Many architectures support multitasking. It is common for code of each task loaded to be aligned at the beginning of a memory segment which often correlates to the block size of the cache. As each task is activated, a miss occurs. The more tasks loaded the more often the miss.

Caches can be designed to avoid or limit the the above problems at a cost.

To solve the 1st two problems, the cache is often split into separate caches for data and code. This allows the same line from the code segment and the data segment to be loaded at the same time.
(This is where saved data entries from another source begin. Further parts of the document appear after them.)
Lemma oldpos_subproof (p : 'I_(r + s)) :
  ((if (p < r)%N then nat_of_ord p else p.+1) < r.+1 + s.+1)%N.
Proof. by case: ifP; have := ltn_ord p; lia. Qed.
Definition oldpos (p : 'I_(r + s)) : 'I_(r.+1 + s.+1) := Ordinal (oldpos_subproof p).

Lemma oldpos_inj : injective oldpos.
Proof.
move=> p q /(congr1 val) /= eq_pq; apply: val_inj => /=.
by move: eq_pq; do 2 case: ifP; lia.
Qed.

Lemma oldpos_neq_posV p : oldpos p != posV.
Proof. by apply/eqP => /(congr1 val) /=; case: ifP; lia. Qed.

Lemma oldpos_neq_posVd p : oldpos p != posVd.
Proof. by apply/eqP => /(congr1 val) /=; have := ltn_ord p; case: ifP; lia. Qed.

Lemma posV_neq_posVd : posV != posVd.
Proof. by apply/eqP => /(congr1 val) /=; lia. Qed.

Lemma oldposP q : q != posV -> q != posVd -> exists p, oldpos p = q.
Proof.
move=> /eqP qV /eqP qVd.
have {}qV : nat_of_ord q <> r by move=> eq_qr; apply: qV; apply: val_inj.
have {}qVd : nat_of_ord q <> (r + s).+1 by move=> eq_q; apply: qVd; apply: val_inj.
have := ltn_ord q; case: (ltnP q r) => qr lt_q.
  by exists (Ordinal (ltn_addr s qr)); apply: val_inj; rewrite /= qr.
have lt_p : ((nat_of_ord q).-1 < r + s)%N by lia.
exists (Ordinal lt_p); apply: val_inj => /=.
have -> : ((nat_of_ord q).-1 < r)%N = false by lia.
lia.
Qed.

Lemma oldpos_is_V p : (oldpos p < r.+1)%N = (p < r)%N.
Proof. by rewrite /=; case: ifP; lia. Qed.

Lemma oldpos_is_Vd p : (r < oldpos p)%N = (r <= p)%N.
Proof. by rewrite /=; case: ifP; lia. Qed.

Lemma posVd_is_Vd : (r.+1 <= posVd)%N.
Proof. by rewrite /=; lia. Qed.

Lemma big_oldpos (R : Type) (idx : R) (op : Monoid.com_law idx)
    (F : 'I_(r.+1 + s.+1) -> R) :
  \big[op/idx]_q F q = op (F posV) (op (F posVd) (\big[op/idx]_p F (oldpos p))).
Proof.
rewrite (bigD1 posV) // (bigD1 posVd) /=; last by rewrite eq_sym posV_neq_posVd.
rewrite -(big_imset _ (in2W oldpos_inj)) /=; congr (op _ (op _ _)).
apply: eq_bigl => q; apply/andP/imsetP => [[qV qVd] | [p _ ->]].
  by have [p <-] := oldposP qV qVd; exists p.
by rewrite oldpos_neq_posV oldpos_neq_posVd.
Qed.

Lemma efac_oldpos (K : fieldType) m p (i j a c : 'I_m) :
  efac K (oldpos p) i j a c = efac K p i j a c.
Proof. by rewrite /efac oldpos_is_V. Qed.

Definition extset (S : {set 'I_(r + s)}) (inV inVd : bool) : {set 'I_(r.+1 + s.+1)} :=
  oldpos @: S :|: (if inV then [set posV] else set0) :|: (if inVd then [set posVd] else set0).

Lemma mem_extset_oldpos S inV inVd p : (oldpos p \in extset S inV inVd) = (p \in S).
Proof.
by rewrite !inE (mem_imset _ _ oldpos_inj); case: inV; case: inVd;
  rewrite ?inE ?(negPf (oldpos_neq_posV p)) ?(negPf (oldpos_neq_posVd p)) ?orbF.
Qed.

Lemma mem_extset_posV S inV inVd : (posV \in extset S inV inVd) = inV.
Proof.
rewrite !inE; have /negPf-> : posV \notin oldpos @: S.
  by apply/imsetP => -[p _ /eqP]; rewrite eq_sym (negPf (oldpos_neq_posV p)).
by case: inV; case: inVd; rewrite ?inE ?eqxx ?(negPf posV_neq_posVd).
Qed.

Lemma mem_extset_posVd S inV inVd : (posVd \in extset S inV inVd) = inVd.
Proof.
rewrite !inE; have /negPf-> : posVd \notin oldpos @: S.
  by apply/imsetP => -[p _ /eqP]; rewrite eq_sym (negPf (oldpos_neq_posVd p)).
by case: inV; case: inVd; rewrite ?inE ?eqxx 1?eq_sym ?(negPf posV_neq_posVd).
Qed.

Lemma card_extset S inV inVd : #|extset S inV inVd| = (#|S| + inV + inVd)%N.
Proof.
rewrite -!sum1_card big_mkcond /= big_oldpos mem_extset_posV mem_extset_posVd.
under eq_bigr do rewrite mem_extset_oldpos.
rewrite -big_mkcond /=; move: (\sum_(_ in S) 1)%N => n.
by case: inV; case: inVd => /=; lia.
Qed.

Lemma sum_extset (R : nmodType) (F : {set 'I_(r.+1 + s.+1)} -> R) :
  \sum_S F S = \sum_S0 \sum_(inV : bool) \sum_(inVd : bool) F (extset S0 inV inVd).
Proof.
pose split_set (S : {set 'I_(r.+1 + s.+1)}) := (oldpos @^-1: S, posV \in S, posVd \in S).
have extsetK : cancel (fun x => extset x.1.1 x.1.2 x.2) split_set.
  move=> [[S0 inV] inVd]; rewrite /split_set mem_extset_posV mem_extset_posVd.
  by congr (_, _, _); apply/setP => p; rewrite inE mem_extset_oldpos.
have split_setK : cancel split_set (fun x => extset x.1.1 x.1.2 x.2).
  move=> S; apply/setP => q /=.
  case: (eqVneq q posV) => [->|qV]; first by rewrite mem_extset_posV.
  case: (eqVneq q posVd) => [->|qVd]; first by rewrite mem_extset_posVd.
  by have [p <-] := oldposP qV qVd; rewrite mem_extset_oldpos inE.
rewrite (reindex (fun x => extset x.1.1 x.1.2 x.2)) /=; last first.
  by apply: onW_bij; exists split_set.
transitivity (\sum_(y : {set 'I_(r + s)} * bool) \sum_(inVd : bool) F (extset y.1 y.2 inVd)).
  by rewrite pair_big; apply: eq_big => // -[[]].
by rewrite [RHS]pair_big; apply: eq_big => // -[].
Qed.

End Positions.

Arguments posV {r s}.
Arguments posVd {r s}.

Section Contraction.
Variables (K : fieldType) (m r s : nat).

Definition restr (c : tix m r.+1 s.+1) : tix m r s := [ffun p => c (oldpos p)].

Definition extend (c : tix m r s) (t : 'I_m) : tix m r.+1 s.+1 :=
  [ffun q => if [pick p | oldpos p == q] is Some p then c p else t].

Lemma extend_oldpos c t p : extend c t (oldpos p) = c p.
Proof.
by rewrite ffunE; case: pickP => [p' /eqP/oldpos_inj -> // | /(_ p)]; rewrite eqxx.
Qed.

Lemma extend_posV c t : extend c t posV = t.
Proof.
rewrite ffunE; case: pickP => [p /eqP eq_p | //].
by have := oldpos_neq_posV p; rewrite eq_p eqxx.
Qed.

Lemma extend_posVd c t : extend c t posVd = t.
Proof.
rewrite ffunE; case: pickP => [p /eqP eq_p | //].
by have := oldpos_neq_posVd p; rewrite eq_p eqxx.
Qed.

Lemma restr_extend c t : restr (extend c t) = c.
Proof. by apply/ffunP => p; rewrite ffunE extend_oldpos. Qed.

Definition contraction_coef (c : tix m r.+1 s.+1) (c' : tix m r s) : K :=
  ((c posV == c posVd) && (restr c == c'))%:R.

Definition contraction : 'M[K]_(dimT m r.+1 s.+1, dimT m r s) :=
  \matrix_(x, y) contraction_coef (enum_val x) (enum_val y).

Lemma sum_contraction_coefl (G : tix m r.+1 s.+1 -> K) c' :
  \sum_c G c * contraction_coef c c' = \sum_t G (extend c' t).
Proof.
rewrite (partition_big (fun c : tix m r.+1 s.+1 => c posV) predT) //=.
apply: eq_bigr => t _; rewrite (bigD1 (extend c' t)) ?extend_posV //=.
rewrite /contraction_coef extend_posV extend_posVd restr_extend !eqxx mulr1.
rewrite big1 ?addr0 // => c /andP[/eqP cV ne_c].
case: (c posV =P c posVd) => [cVVd|]; last by rewrite mulr0.
case: (restr c =P c') => [restr_c | _]; last by rewrite mulr0.
case/eqP: ne_c; apply/ffunP => q.
case: (eqVneq q posV) => [-> | qV]; first by rewrite extend_posV.
case: (eqVneq q posVd) => [-> | qVd]; first by rewrite extend_posVd -cVVd.
by have [p <-] := oldposP qV qVd; rewrite extend_oldpos -restr_c ffunE.
Qed.

Lemma sum_contraction_coefr (b : tix m r.+1 s.+1) (F : tix m r s -> K) :
  \sum_c' contraction_coef b c' * F c' = (b posV == b posVd)%:R * F (restr b).
Proof.
rewrite (bigD1 (restr b)) //= big1 ?addr0 => [|c' ne_c'].
  by rewrite /contraction_coef eqxx andbT.
by rewrite /contraction_coef [restr b == _]eq_sym (negPf ne_c') andbF mul0r.
Qed.

Lemma contraction_Ediv_coef (i j : 'I_m) k (b : tix m r.+1 s.+1) (c' : tix m r s) :
  i != j ->
  \sum_c Ediv_coef K i j k b c * contraction_coef c c' =
  (b posV == b posVd)%:R * Ediv_coef K i j k (restr b) c'.
Proof.
move=> ij.
pose P0 (S0 : {set 'I_(r + s)}) :=
  \prod_p factor_coef K i j p (p \in S0) (b (oldpos p)) (c' p).
transitivity (\sum_S0 P0 S0 * \sum_(inV : bool) \sum_(inVd : bool)
    ((#|S0| + inV + inVd)%N == k)%:R *
    \sum_t factor_coef K i j (@posV r s) inV (b posV) t *
            factor_coef K i j (@posVd r s) inVd (b posVd) t).
  rewrite sum_contraction_coefl; under eq_bigr do rewrite Ediv_coefE.
  rewrite exchange_big sum_extset; apply: eq_bigr => S0 _.
  rewrite mulr_sumr; apply: eq_bigr => inV _; rewrite mulr_sumr; apply: eq_bigr => inVd _.
  rewrite !mulr_sumr; apply: eq_bigr => t _.
  rewrite card_extset big_oldpos mem_extset_posV mem_extset_posVd extend_posV extend_posVd.
  rewrite /P0; under eq_bigr do
    rewrite mem_extset_oldpos extend_oldpos /factor_coef efac_oldpos.
  by rewrite /factor_coef /=; ring.
under eq_bigr do rewrite sum_factor_coef_pairing ?posVd_is_Vd //.
rewrite Ediv_coefE mulr_sumr; apply: eq_bigr => S0 _.
under [in RHS]eq_bigr do rewrite ffunE.
by rewrite /P0; ring.
Qed.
It also allows the system to skip the write back on miss for the code portion of the cache.

In splitting the cache, the designer must decide whether to double the cache size or half the number of data and cache lines that can be cached at any time.
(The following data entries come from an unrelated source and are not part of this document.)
(* Under complete randomization, suppose Assumption 1 holds and Assumptions 2 and 3 hold with order $k<T$. Let $\vec z'\in\{A,B\}^T$ and $t\in\{1,\dots,T\}$. Then $\bar Y_t(\vec z')$ is unbiasedly estimable if either (a) the hypothesis of Proposition S2 holds, i.e. ($t\le k$ and some $\vec z\in\mathcal{S}^{\mathrm{obs}}$ has $\vec z_{[1,t]}=\vec z'_{[1,t]}$) or ($t>k$ and some $\vec z\in\mathcal{S}^{\mathrm{obs}}$ has $\vec z_{[t-k+1,t]}=\vec z'_{[t-k+1,t]}$); or (b) $t\ge k$ and there exist $t'\ge k$, $t'\neq t$, and sequences $\vec z_1,\vec z_2,\vec z_3\in\{A,B\}^T$ with $\vec z_{1,[t'-k+1,t']}=\vec z'_{[t-k+1,t]}$ and $\vec z_{2,[t-k+1,t]}=\vec z_{3,[t'-k+1,t']}$, such that each of $\bar Y_{t'}(\vec z_1)$, $\bar Y_t(\vec z_2)$, $\bar Y_{t'}(\vec z_3)$ is unbiasedly estimable.
   Context: Setup: $N$ units, treatments $A,B$, $T$ periods; sequences $\vec z\in\{A,B\}^T$, $\vec z_{[t_1,t_2]}=z_{t_1}\cdots z_{t_2}$. $\mathcal{S}^{\mathrm{obs}}$ implemented sequences; complete randomization with fixed positive group sizes $N_{\vec z}$; fixed potential outcomes $Y_{it}(\vec z)$; observed $Y_{it}=Y_{it}(\vec Z_i)$; randomness only from assignment. $\bar Y_t(\vec z)=N^{-1}\sum_iY_{it}(\vec z)$, $\widehat Y_t(\vec z)=N_{\vec z}^{-1}\sum_iY_{it}\mathbf1(\vec Z_i=\vec z)$. Assumption 1: $Y_{it}(\vec z)=Y_{it}(\vec z')$ whenever $\vec z_{[1,t]}=\vec z'_{[1,t]}$. Assumption 2 (order $k$): $Y_{it}(\vec z)=Y_{it}(\vec z')$ whenever $\vec z_{[\max(1,t-k+1),t]}=\vec z'_{[\max(1,t-k+1),t]}$; for $t\ge k$ write $Y_{it}(a)$, $a\in\{A,B\}^k$, for the common value over sequences with $\vec z_{[t-k+1,t]}=a$. Assumption 3 (order $k$): for all $a,b\in\{A,B\}^k$ and $t'>t\ge k$, $Y_{it}(a)-Y_{it}(b)=Y_{it'}(a)-Y_{it'}(b)$. A quantity is unbiasedly estimable if there is an estimator $\sum_{s}\sum_{\vec z\in\mathcal{S}^{\mathrm{obs}}}\tilde w_s(\vec z)\widehat Y_s(\vec z)$ with non-random weights whose expectation equals it for every finite population satisfying the assumptions. *)

From HB Require Import structures.
From mathcomp Require Import all_boot all_order all_algebra.
Set Implicit Arguments. Unset Strict Implicit. Unset Printing Implicit Defensive.
Import Order.TTheory GRing.Theory Num.Theory.
Local Open Scope ring_scope.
To solve the third problem, we take the idea of splitting the cache one step further and create additional complete sets of cache lines. Now there is a set of n cache lines available for each line in memory. A cache of this type is called a n-way set associative cache where n is the number of duplicate cache lines.

This cache requires additional circuits to search the complete set for a particular line. Additionally, the size of the expensive cache memory has increased by n. In practice, a 2 way or 4 way cache is the best trade off for improved efficiency vs cost.

With additional lines in a line set, any memory reference has has to check each copy of the line for a hit. This takes a little longer but the chances of a hit have gone up by n.

Selecting a particular line from a set

However an additional problem occurs with an n-way cache. If a miss happens, which of the cached lines is to be discarded?

There are three ways of handling this choice.

2. LFU - Least Frequently Used. Discard the line that as been referenced the fewest times since being loaded. This based on the idea that this line probably won't be used again for a while and there is a good chance that the line being loaded will be referenced often. Requires counter hardware.

3. LRU - Least Recently Used. Discard the line that has not been accessed in the longest time. This based again on the idea of progression and that the system is probably done with that portion of code or data. This also requires additional circuitry to do bookkeeping.

Each of the above systems have advantages and disadvantages.

When to write changed cache

Another issue is when to write back a modified cache line. This was partially handled by splitting the cache between data and code. However, data tends to constantly. So, there are two options. Write back the data as soon as it changes or write back the data only when a miss occurs and the contents of cache line need to change.

The first solution, write back immediately, is easier to implement and safer, especially in systems that have some sort of parallel processing or data handling. As soon as data is changed in the cache, it is written out to main memory. However, the write back to memory takes time and partially defeats the purpose of caching.

The second solution, write delay, optimizes the speed usage of the cache. A cache line is only written out when a miss occurs. However, this is harder to design, especially if parallel data handling is implemented in the system's architecture.